Shares of cloud-data software company Domo (ticker: DOMO) faced a significant setback on Friday as a result of lowered guidance and mounting competition. This led to an analyst downgrading the stock and caused a sharp decline in premarket trading.

Revised Guidance Disappoints Investors

While Domo reported a narrower-than-expected second-quarter adjusted loss, their third-quarter guidance fell short of analysts' forecasts. In addition, the company adjusted its revenue guidance for fiscal 2024, lowering it from a previous range of $323 million to $330 million to a new range of $316 million to $320 million. Furthermore, Domo now expects an adjusted loss between 39 cents and 47 cents per share, widening from the previous range.

Competitive Challenges and Vendor Consolidation

Citing the emergence of new competitive challenges, TD Cowen analysts downgraded Domo's stock rating from Outperform to Market Perform. They also reduced the price target from $20 to $14. The analysts attributed these changes to vendor consolidation and the company's tougher macro environment with increased budget scrutiny.
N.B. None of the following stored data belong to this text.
Lemma condf_wsum (I : finType) (c : I -> R) (g : I -> setfun R P) a b :
  condf (wsum c g) a b = \sum_i c i * condf (g i) a b.
Proof. by rewrite /condf /wsum -sumrB; apply: eq_bigr => i _; rewrite mulrBr. Qed.

Lemma condf_atomic1 (T b : {set SE P}) (x : SE P) :
  condf (atomic_fun R T) [set x] b = 0 <-> (x \in T -> b :&: T != set0).
Proof.
rewrite /condf !atomic_funE setIUl setU_eq0 negb_and setI1_neq0.
case: (x \in T); case: (b :&: T != set0); rewrite /= ?mulr1n ?mulr0n ?subrr ?subr0 //.
by split=> [e10 _|/(_ isT)//]; have := oner_neq0 R; rewrite e10 eqxx.
Qed.

Section Combinations.
Variables (I : finType) (c : I -> R).

Lemma C_T_wsum (g : I -> setfun R P) :
  (forall i, c i != 0 -> C_T (g i)) -> C_T (wsum c g).
Proof.
move=> Cg e; rewrite condf_wsum big1 // => i _.
by have [->|/Cg ->] := eqVneq (c i) 0; rewrite ?mul0r ?mulr0.
Qed.

Lemma C_D_wsum (g : I -> setfun R P) :
  (forall i, c i != 0 -> C_D (g i)) -> C_D (wsum c g).
Proof.
move=> Cg s u us; rewrite condf_wsum big1 // => i _.
by have [->|/Cg -> //] := eqVneq (c i) 0; rewrite ?mul0r ?mulr0.
Qed.

Lemma C_I_wsum (g : I -> setfun R P) :
  (forall i, c i != 0 -> C_I (g i)) -> C_I (wsum c g).
Proof.
move=> Cg; rewrite /C_I /wsum exchange_big; apply: eq_bigr => i _.
have [->|/Cg ->] := eqVneq (c i) 0; last by rewrite mulr_sumr.
by rewrite mul0r big1 // => s _; rewrite mul0r.
Qed.

Hypothesis c_ge0 : forall i, 0 <= c i.
Variable T : I -> {set SE P}.
Local Notation h := (wsum c (fun i => atomic_fun R (T i))).

Lemma condf_wsum_atomic_eq0 a b i :
  condf h a b = 0 -> c i != 0 -> condf (atomic_fun R (T i)) a b = 0.
Proof.
move=> /eqP; rewrite subr_eq0 => /eqP hab ci.
by rewrite /condf (wsum_le_eq c_ge0 (fun j => atomic_fun_subU _ _ _) hab ci) subrr.
Qed.

Lemma C_T_wsum_atomic i : C_T h -> c i != 0 -> C_T (atomic_fun R (T i)).
Proof. by move=> CT ci e; apply: condf_wsum_atomic_eq0. Qed.

Lemma C_D_wsum_atomic i : C_D h -> c i != 0 -> C_D (atomic_fun R (T i)).
Proof. by move=> CD ci s u us; apply: condf_wsum_atomic_eq0 (CD s u us) ci. Qed.

Lemma C_I_wsum_atomic i : C_I h -> c i != 0 -> C_I (atomic_fun R (T i)).
Proof.
rewrite /C_I /wsum exchange_big /= => CI ci; symmetry.
pose nsrc j := \sum_s atomic_fun R (T j) [set inl s].
apply: (@wsum_le_eq _ _ c nsrc (fun j => atomic_fun R (T j) all_sources) c_ge0 _ _ i ci).
- move=> j; rewrite /nsrc atomic_fun_sources sum_atomic_fun_sources ler_nat.
  by case: #|_|.
- by rewrite CI; apply: eq_bigr => j _; rewrite mulr_sumr.
Qed.

End Combinations.

Lemma atomic_C_T (T : {set SE P}) :
  C_T (atomic_fun R T) <-> forall e, inr e \in T -> in_edge e :&: T != set0.
Proof. by split=> H e; [apply/condf_atomic1/H | apply/condf_atomic1/H]. Qed.

Lemma atomic_C_D (T : {set SE P}) :
  C_D (atomic_fun R T) <->
  forall s u, inl s \in T -> u \in dest s -> in_node u :&: T != set0.
Proof.
split=> H s u; first by move=> sT us; apply: (condf_atomic1 _ _ _).1 sT; apply: H.
by move=> us; apply/condf_atomic1 => sT; apply: H sT us.
Qed.

Lemma atomic_C_I (T : {set SE P}) :
  C_I (atomic_fun R T) <-> (#|sources_of T| <= 1)%N.
Proof.
rewrite /C_I atomic_fun_sources sum_atomic_fun_sources.
by case: #|_| => [|[|n]]; split=> // /eqP; rewrite eqr_nat.
Qed.

End AtomicFunctions.

Section Routing.
Variables (R : realType) (P : problem).

(* A nonempty set containing a predecessor of each of its edges contains a
   source: otherwise an edge of T with the fewest ancestors in the acyclic
   graph would have a predecessor edge in T with strictly fewer. *)
Lemma exists_source (acyc : acyclic P) (T : {set SE P}) : T != set0 ->
  (forall e, inr e \in T -> in_edge e :&: T != set0) -> exists s, inl s \in T.
Proof.
move=> /set0Pn [x xT] predT; apply/not_existsP => nosrc.
have [e0 e0T] : exists e0, inr e0 \in T.
  by case: x xT => [s sT|e eT]; [case: (nosrc s) | exists e].
pose ancestors (e : edge P) := #|[set v | connect (@step P) v (tail e)]|.
case: (@arg_minnP _ e0 (fun e => inr e \in T) ancestors e0T) => e eT emin.
have /set0Pn [f] := predT e eT; rewrite !inE => /andP [].
case: f => [s _ /nosrc []|e' tail_e' e'T].
have st : @step P (tail e') (tail e) by apply/existsP; exists e'; rewrite eqxx.
have := emin e' e'T; rewrite leqNgt => /negP; apply.
apply: proper_card; apply/properP; split.
  by apply/subsetP => v; rewrite !inE => /connect_trans; apply; apply: connect1.
by exists (tail e); rewrite inE ?connect0 // acyc.
Qed.

Definition routingb (T : {set SE P}) : bool :=
  [&& #|sources_of T| == 1%N,
      [forall e, (inr e \in T) ==> (in_edge e :&: T != set0)] &
      [forall s, forall u,
         (inl s \in T) && (u \in dest s) ==> (in_node u :&: T != set0)]].

Lemma meets_in_nodeP (u : node P) (T : {set SE P}) :
  reflect (exists2 f, f \in T & u \in headf f) (in_node u :&: T != set0).
Proof.
apply: (iffP (@set0Pn _ (in_node u :&: T))) => [[f]|[f fT uf]].
  by rewrite !inE => /andP [uf fT]; exists f.
by exists f; rewrite !inE uf fT.
Qed.

Lemma routingP (T : {set SE P}) :
  reflect (routing_subnetwork T /\
           forall s u, inl s \in T -> u \in dest s -> exists2 f, f \in T & u \in headf f)
          (routingb T).
Proof.
apply: (iffP and3P) => [[/eqP src1 /forallP predT /forallP sinksT]|[[src1 predT] sinksT]].
  split; first by split=> // e; apply/implyP.
  by move=> s u sT us; apply/meets_in_nodeP/(implyP (forallP (sinksT s) u)); rewrite sT.
split; first exact/eqP.
  by apply/forallP => e; apply/implyP/predT.
apply/forallP => s; apply/forallP => u; apply/implyP => /andP [sT us].
by apply/meets_in_nodeP; apply: sinksT sT us.
Qed.

Lemma routingb_sources1 (T : {set SE P}) :
  routingb T -> exists s0, forall s, (inl s \in T) = (s == s0).
Proof.
case/and3P => /cards1P [s0 srcT] _ _; exists s0 => s.
by rewrite -in_set1 -srcT in_sources_of.
Qed.

Lemma routingb_atomic (T : {set SE P}) : routingb T ->
  [/\ C_T (atomic_fun R T), C_D (atomic_fun R T) & C_I (atomic_fun R T)].
Proof.
case/and3P => src1 /forallP predT /forallP sinksT; split.
- by apply/atomic_C_T => e; apply/implyP.
- by apply/atomic_C_D => s u sT us; apply: (implyP (forallP (sinksT s) u)); rewrite sT.
- by apply/atomic_C_I; rewrite (eqP src1).
Qed.

Lemma atomic_routingb (acyc : acyclic P) (T : {set SE P}) : T != set0 ->
  C_T (atomic_fun R T) -> C_D (atomic_fun R T) -> C_I (atomic_fun R T) ->
  routingb T.
Proof.
move=> T0 /atomic_C_T predT /atomic_C_D sinksT /atomic_C_I src_le1.
have [s sT] := exists_source acyc T0 predT.
apply/and3P; split.
- by rewrite eqn_leq src_le1 card_gt0; apply/set0Pn; exists s; rewrite in_sources_of.
- by apply/forallP => e; apply/implyP/predT.
- by apply/forallP => s'; apply/forallP => u; apply/implyP => /andP[]; apply: sinksT.
Qed.

End Routing.

Section Weights.
Variables (R : realType) (P : problem).
Implicit Types (w : {set SE P} -> R) (x : SE P).

Definition routing_weight w : Prop :=
  (forall T, 0 <= w T) /\ (forall T, ~~ routingb T -> w T = 0).

Definition load w x : R := \sum_(T : {set SE P} | x \in T) w T.

Definition load_tuple w : tuple_t R P :=
  (fun s => load w (inl s), fun e => load w (inr e)).

Lemma routing_weight_support w T : routing_weight w -> w T != 0 -> routingb T.
Proof. by case=> _ w_routing; apply: contraTT => /w_routing ->; rewrite eqxx. Qed.

Lemma routing_weight_scale w (k : R) :
  0 <= k -> routing_weight w -> routing_weight (fun T => k * w T).
Proof.
move=> k0 [w0 w_routing]; split=> T; first exact: mulr_ge0.
by move=> /w_routing ->; rewrite mulr0.
Qed.

Lemma load_scale w (k : R) x : load (fun T => k * w T) x = k * load w x.
Proof. by rewrite /load mulr_sumr. Qed.

Lemma routing_weight_le_sources w T :
  routing_weight w -> w T <= \sum_s load w (inl s).
Proof.
case=> w0 w_routing; have load0 x : 0 <= load w x by apply: sumr_ge0.
have [rT|/w_routing ->] := boolP (routingb T); last exact: sumr_ge0.
have [s0 srcT] := routingb_sources1 rT.
have s0T : inl s0 \in T by rewrite srcT.
rewrite (bigD1 s0) //= -[w T]addr0; apply: lerD; last exact: sumr_ge0.
by rewrite /load (bigD1 T) //= lerDl; apply: sumr_ge0.
Qed.

Definition weight_of (I : finType) (T : I -> {set SE P}) (c : I -> R) :
  {set SE P} -> R :=
  fun X => if routingb X then \sum_(i | T i == X) c i else 0.

Lemma routing_weight_of (I : finType) (T : I -> {set SE P}) (c : I -> R) :
  (forall i, 0 <= c i) -> routing_weight (weight_of T c).
Proof.
rewrite /weight_of => c0; split=> X; last by move/negPf ->.
by case: ifP => _ //; apply: sumr_ge0.
Qed.

Lemma load_weight_of (I : finType) (T : I -> {set SE P}) (c : I -> R) x :
  (forall i, x \in T i -> c i != 0 -> routingb (T i)) ->
  load (weight_of T c) x = \sum_(i | x \in T i) c i.
Proof.
move=> T_routing; transitivity (\sum_(i | (x \in T i) && routingb (T i)) c i).
  rewrite /load /weight_of -big_mkcondr.
  rewrite (partition_big T (fun X => (x \in X) && routingb X)) //.
  apply: eq_bigr => X /andP [xX rX]; apply: eq_bigl => i.
  by case: eqVneq => [->|]; rewrite ?xX ?rX ?andbF.
rewrite big_mkcondr; apply: eq_bigr => i xT.
by case: ifP => // /negbT; have [->|/(T_routing i xT) ->] := eqVneq (c i) 0.
Qed.

Lemma load_wsum_atomic w x : wsum w (fun T => atomic_fun R T) [set x] = load w x.
Proof. exact: (wsum_atomic1 w id). Qed.

Lemma proj_region_routing_weight (acyc : acyclic P) (y : tuple_t R P) :
  proj_region y -> exists2 w, routing_weight w & load_tuple w = y.
Proof.
case=> h [[k [c [g [c0 g_atomic ->]]]] CT CD CI <-].
have /choice [T gE] : forall i, exists T, g i = atomic_fun R T.
  by move=> i; have [T ->] := g_atomic i; exists T.
have {}gE : g = fun i => atomic_fun R (T i) by apply: funext.
subst g.
have T_routing x i : x \in T i -> c i != 0 -> routingb (T i).
  move=> xT ci; apply: (atomic_routingb (R := R) acyc).
  - by apply/set0Pn; exists x.
  - exact: (C_T_wsum_atomic (T := T) c0 CT ci).
  - exact: (C_D_wsum_atomic (T := T) c0 CD ci).
  - exact: (C_I_wsum_atomic (T := T) c0 CI ci).
exists (weight_of T c); first exact: routing_weight_of.
rewrite /load_tuple /proj; congr pair; apply: funext => ?;
  by rewrite load_weight_of; [exact: esym (wsum_atomic1 c T _) | exact: T_routing].
Qed.

Lemma load_tuple_proj_region w : routing_weight w -> proj_region (load_tuple w).
Proof.
move=> w_routing; have [w0 _] := w_routing.
have C_atomic T : w T != 0 ->
    [/\ C_T (atomic_fun R T), C_D (atomic_fun R T) & C_I (atomic_fun R T)].
  by move=> wT; apply/routingb_atomic/(routing_weight_support w_routing).
exists (wsum w (fun T => atomic_fun R T)); split.
- exists #|{set SE P}|, (fun i => w (enum_val i)), (fun i => atomic_fun R (enum_val i)).
  split=> //; first by move=> i; exists (enum_val i).
  apply: funext => b; rewrite /wsum.
  by rewrite -(big_enum_val (fun T => w T * atomic_fun R T b)); apply: eq_bigl.
- by apply: C_T_wsum => T /C_atomic [].
- by apply: C_D_wsum => T /C_atomic [].
- by apply: C_I_wsum => T /C_atomic [].
- by rewrite /load_tuple /proj; congr pair; apply: funext => ?; rewrite load_wsum_atomic.
Qed.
Domo's management revealed that some enterprise and potential customers are seeking to consolidate their separate business intelligence tools as a cost-cutting measure. The competition, believed to primarily refer to Microsoft (MSFT), is also causing concern as Domo expects a loss of clients from a group of large customers in the second half of the year.

Furthermore, management acknowledged that although they have been successfully building new sales teams and experiencing low attrition rates, productivity levels are not reaching historical levels. Analysts suspect that this decline in productivity might be linked to competition from Microsoft.

Overall, Domo faces multiple challenges ahead as it navigates heightened competition and adjusts its revenue projections. Investors will be closely monitoring the company's performance in the coming months.